The example you link to does a linear search: it just chops one character at a time from the end of the string until it's short enough. So, the amount of time it takes will scale linearly with the length of the string, and with long strings it will be really slow, as you've discovered.
However, you can easily apply a binary search technique to the string. Instead of starting at the end and dropping off one character at a time, you start in the middle:
THIS IS THE STRING THAT YOU WANT TO TRUNCATE
^
You compute the width of "THIS IS THE STRING THAT". If it is too wide, you move your test point to the midpoint of the space on the left. Like this:
THIS IS THE STRING THAT YOU WANT TO TRUNCATE
^ |
On the other hand, if it isn't wide enough, you move the test point to the midpoint of the other half:
THIS IS THE STRING THAT YOU WANT TO TRUNCATE
| ^
You repeat this until you find the point that is just under your width limit. Because you're dividing your search area in half each time, you'll never need to compute the width more than log2 N times (where N is the length of the string) which doesn't grow very fast, even for very long strings.

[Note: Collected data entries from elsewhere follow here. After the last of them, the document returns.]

Lemma contains_max m w p : (forall z, z \in w -> z <= m) ->
  first_min p -> 2 <= size p -> contains (m :: w) p = contains w p.
Proof.
move=> le_wm min_p size_p; apply/idP/idP; last exact: contains_cons.
case/contains_consP => // -[[|z s] sub_s /andP [/eqP size_s iso_s]].
  by rewrite -size_s in size_p.
have z_w : z \in w by apply: (mem_subseq sub_s); rewrite inE eqxx.
have := iso_lt size_s iso_s (ltnW size_p) size_p.
by rewrite /= min_p ?size_p // ltnNge => /negP[]; exact: le_wm.
Qed.

Lemma contains_drop_second c m w p : (forall z, z \in w -> z <= m) ->
  first_min p -> 2 <= size p ->
  (forall s, size (c :: m :: s) = size p -> order_iso (c :: m :: s) p ->
     subseq s w -> False) ->
  contains (c :: m :: w) p = contains (c :: w) p.
Proof.
move=> le_wm min_p size_p no_cm; apply/idP/idP; last first.
  by apply: contains_sub; rewrite /= eqxx; exact: subseq_cons.
case/contains_consP => [|[s sub_s /andP [/eqP size_s iso_s]]].
  by rewrite contains_max // => /(contains_cons c).
case: (subseq_consP sub_s) => [sub_w|[s' [def_s sub_w]]].
  exact: contains_head sub_w size_s iso_s.
by case: (no_cm s'); rewrite -?def_s.
Qed.

Lemma first_min123 : first_min pat123.
Proof. by case=> [|[|[|j]]]. Qed.

Lemma size_pat1k k : 0 < k -> size (pat1k k) = k.
Proof. by case: k => // k _; rewrite /pat1k /= size_rev size_iota. Qed.

Lemma nth_pat1k k j : 0 < j < k -> nth 0 (pat1k k) j = k.+1 - j.
Proof.
case: j => [|j] //= lt_j.
rewrite nth_rev size_iota; last lia.
rewrite nth_iota; lia.
Qed.

Lemma nth0_pat1k k : nth 0 (pat1k k) 0 = 1.
Proof. by []. Qed.

Lemma first_min_pat1k k : 2 <= k -> first_min (pat1k k).
Proof.
move=> k_ge2 j; rewrite size_pat1k; last lia.
by move=> lt_j; rewrite nth0_pat1k nth_pat1k //; lia.
Qed.

Lemma contains123_head c x z w : c < x -> x < z -> z \in w ->
  contains (c :: x :: w) pat123.
Proof.
move=> lt_cx lt_xz z_w; apply: (@contains_head c [:: x; z]) => //.
  by rewrite /= eqxx sub1seq.
by apply/isoP => // -[|[|[|i]]] [|[|[|j]]] //= _ _; lia.
Qed.

(* An occurrence s of 1k(k-1)...2 spreads over at least k-1 values between
   its first two letters: s_0 < s_(k-1) < ... < s_2 < s_1. *)
Lemma pat1k_gap k s : 3 <= k -> size s = k -> order_iso s (pat1k k) ->
  nth 0 s 0 + (k - 2) < nth 0 s 1.
Proof.
move=> k_ge3 size_s iso_s; set v := nth 0 s.
have size_p : size s = size (pat1k k) by rewrite size_pat1k //; lia.
have lt_v i j : i < k -> j < k ->
    (v i < v j) = (nth 0 (pat1k k) i < nth 0 (pat1k k) j).
  by move=> lt_i lt_j; apply: iso_lt; rewrite // -size_p size_s.
have first_lt_last : v 0 < v k.-1 by rewrite lt_v ?nth0_pat1k ?nth_pat1k; lia.
have desc j : 0 < j -> j.+1 < k -> v j.+1 < v j.
  by move=> j_gt0 lt_j; rewrite lt_v ?nth_pat1k; lia.
have spread n : n.+1 < k -> v n.+1 + n <= v 1.
  elim: n => [|n IH] lt_n; first by rewrite addn0.
  by have := IH (ltnW lt_n); have := desc n.+1 isT lt_n; lia.
have := spread (k - 2) (ltac:(lia)).
have -> : (k - 2).+1 = k.-1 by lia.
lia.
Qed.

Lemma contains123_drop_max c m w : (forall z, z \in w -> z <= m) ->
  contains (c :: m :: w) pat123 = contains (c :: w) pat123.
Proof.
move=> le_wm; apply: contains_drop_second first_min123 _ _ => //.
case=> [|z s] size_s iso_s sub_s //.
have z_w : z \in w by apply: (mem_subseq sub_s); rewrite inE eqxx.
have := iso_lt (i := 1) (j := 2) size_s iso_s isT isT.
by rewrite /= ltnNge => /negP[]; exact: le_wm.
Qed.

Lemma contains1k_drop_max c m w k : 3 <= k -> m <= c + (k - 2) ->
  (forall z, z \in w -> z <= m) ->
  contains (c :: m :: w) (pat1k k) = contains (c :: w) (pat1k k).
Proof.
move=> k_ge3 le_mc le_wm.
apply: contains_drop_second (first_min_pat1k _) _ _ => //; first lia.
  by rewrite size_pat1k; lia.
move=> s size_s iso_s _.
have := pat1k_gap k_ge3 _ iso_s; rewrite size_s size_pat1k /=; lia.
Qed.

Lemma desc_subseq i S w : sorted (fun x y => y < x) S -> {subset S <= w} ->
  all (fun z => i < z) S ->
  (forall u v, subseq [:: u; v] w -> i < u -> u < v -> False) -> subseq S w.
Proof.
elim: w S => [|y w IH] [|s1 S] sorted_s1S sub_S gt_S no_inc //=.
  by have := sub_S s1; rewrite inE eqxx => /(_ isT).
have gt_trans : transitive (fun x y : nat => y < x).
  by move=> x1 x2 x3 lt21 lt32; exact: ltn_trans lt32 lt21.
move: (sorted_s1S); rewrite /= (path_sortedE gt_trans) => /andP [lt_S sorted_S].
move: gt_S => /= /andP [gt_s1 gt_S].
have no_inc_w u v : subseq [:: u; v] w -> i < u -> u < v -> False.
  by move=> sub_uv; apply: no_inc; exact: subseq_trans sub_uv (subseq_cons w y).
have in_w z : z \in s1 :: S -> z != y -> z \in w.
  by move=> z_S /negPf z_y; move: (sub_S z z_S); rewrite inE z_y.
case: eqP => [def_y|/eqP ne_y].
  apply: IH => // z z_S; apply: in_w; first by rewrite inE z_S orbT.
  by rewrite -def_y; apply: contraTneq (allP lt_S z z_S) => ->; rewrite /= ltnn.
apply: (IH (s1 :: S)) => //=; rewrite ?gt_s1 //.
move=> z z_s1S; apply: (in_w) => //; apply/eqP => def_z.
move: z_s1S; rewrite inE => /orP [/eqP def_s1|z_S].
  by rewrite -def_s1 def_z eqxx in ne_y.
apply: (no_inc y s1).
- by rewrite /= eqxx sub1seq in_w ?inE ?eqxx.
- by rewrite -def_z (allP gt_S z z_S).
- by rewrite -def_z (allP lt_S z z_S).
Qed.

(* If all of i+1, ..., i+k-1 occur after i, then i starts an occurrence of
   123 (an increasing pair among them) or of 1k(k-1)...2 (otherwise they
   occur in decreasing order). *)
Lemma contains_full_range i w k : 0 < i -> 3 <= k ->
  (forall z, i < z < i + k -> z \in w) ->
  contains (i :: w) pat123 || contains (i :: w) (pat1k k).
Proof.
move=> i_gt0 k_ge3 range_w; case no123: (contains (i :: w) pat123) => //=.
have no_inc u v : subseq [:: u; v] w -> i < u -> u < v -> False.
  move=> sub_uv lt_iu lt_uv; move: no123.
  rewrite (@contains_head i [:: u; v] w) //.
  by apply/isoP => // -[|[|[|x]]] [|[|[|y]]] //= _ _; lia.
set S := rev (iota i.+1 (k - 1)).
have sub_S : subseq S w.
  apply: (desc_subseq (i := i)) no_inc.
  - by rewrite /S rev_sorted; exact: iota_ltn_sorted.
  - by move=> z; rewrite /S mem_rev mem_iota => z_range; apply: range_w; lia.
  - by apply/allP => z; rewrite /S mem_rev mem_iota; lia.
apply: (contains_head sub_S).
  by rewrite size_pat1k /= ?size_rev ?size_iota; lia.
have -> : i :: S = map (addn i.-1) (pat1k k).
  rewrite /pat1k /= map_rev -iotaDl /S; congr (_ :: rev (iota _ _)); lia.
exact: iso_shift.
Qed.

Lemma good_low_first k a x w : 3 <= k -> 0 < x <= a.+1 ->
  good k a (x :: w) = good k x.-1 w.
Proof.
move=> k_ge3 /andP [x_gt0 le_xa].
have size1k : 2 <= size (pat1k k) by rewrite size_pat1k; lia.
rewrite /good /avoids prednK // (contains_lower_head w le_xa first_min123) //.
rewrite (contains_lower_head w le_xa (first_min_pat1k _) size1k); last lia.
apply/and4P/and4P => [[av123 av1k _ _]|[_ _ av123 av1k]]; last by split.
by split=> //; [exact: avoids_cons av123 | exact: avoids_cons av1k].
Qed.

Lemma good_drop_max k a m w : 3 <= k -> m <= a.+1 + (k - 2) ->
  (forall z, z \in w -> z <= m) -> good k a (m :: w) = good k a w.
Proof.
move=> k_ge3 le_m le_wm.
have size1k : 2 <= size (pat1k k) by rewrite size_pat1k; lia.
have min1k : first_min (pat1k k) by apply: first_min_pat1k; lia.
rewrite /good /avoids contains123_drop_max // contains1k_drop_max //.
by rewrite (contains_max le_wm first_min123) // (contains_max le_wm min1k).
Qed.

Lemma good_gap_first k a x m w : a.+1 < x < m -> m \in w ->
  good k a (x :: w) = false.
Proof.
move=> /andP [lt_ax lt_xm] m_w.
by rewrite /good /avoids (contains123_head lt_ax lt_xm m_w) /= !andbF.
Qed.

To put it another way, if you double the length of your input string, that's only one additional width computation.
Starting with Wikipedia's binary search sample, here's an example. Note that since we're not looking for an exact match (you want largest that will fit) the logic is slightly different.
int binary_search(NSString *A, float max_width, int imin, int imax)
{
// continue searching while [imin,imax] is not empty
while (imax >= imin)
{
/* calculate the midpoint for roughly equal partition */
int imid = (imin + imax) / 2;
// determine which subarray to search
float width = ComputeWidthOfString([A substringToIndex:imid]);
if (width < max_width)
// change min index to search upper subarray
imin = imid + 1;
else if (width > max_width )
// change max index to search lower subarray
imax = imid - 1;
else
// exact match found at index imid
return imid;
}
// Normally, this is the "not found" case, but we're just looking for
// the best fit, so we return something here.
return imin;
}
You need to do some math or testing to figure out what's the right index at the bottom, but it's definitely imin or imax, plus or minus one.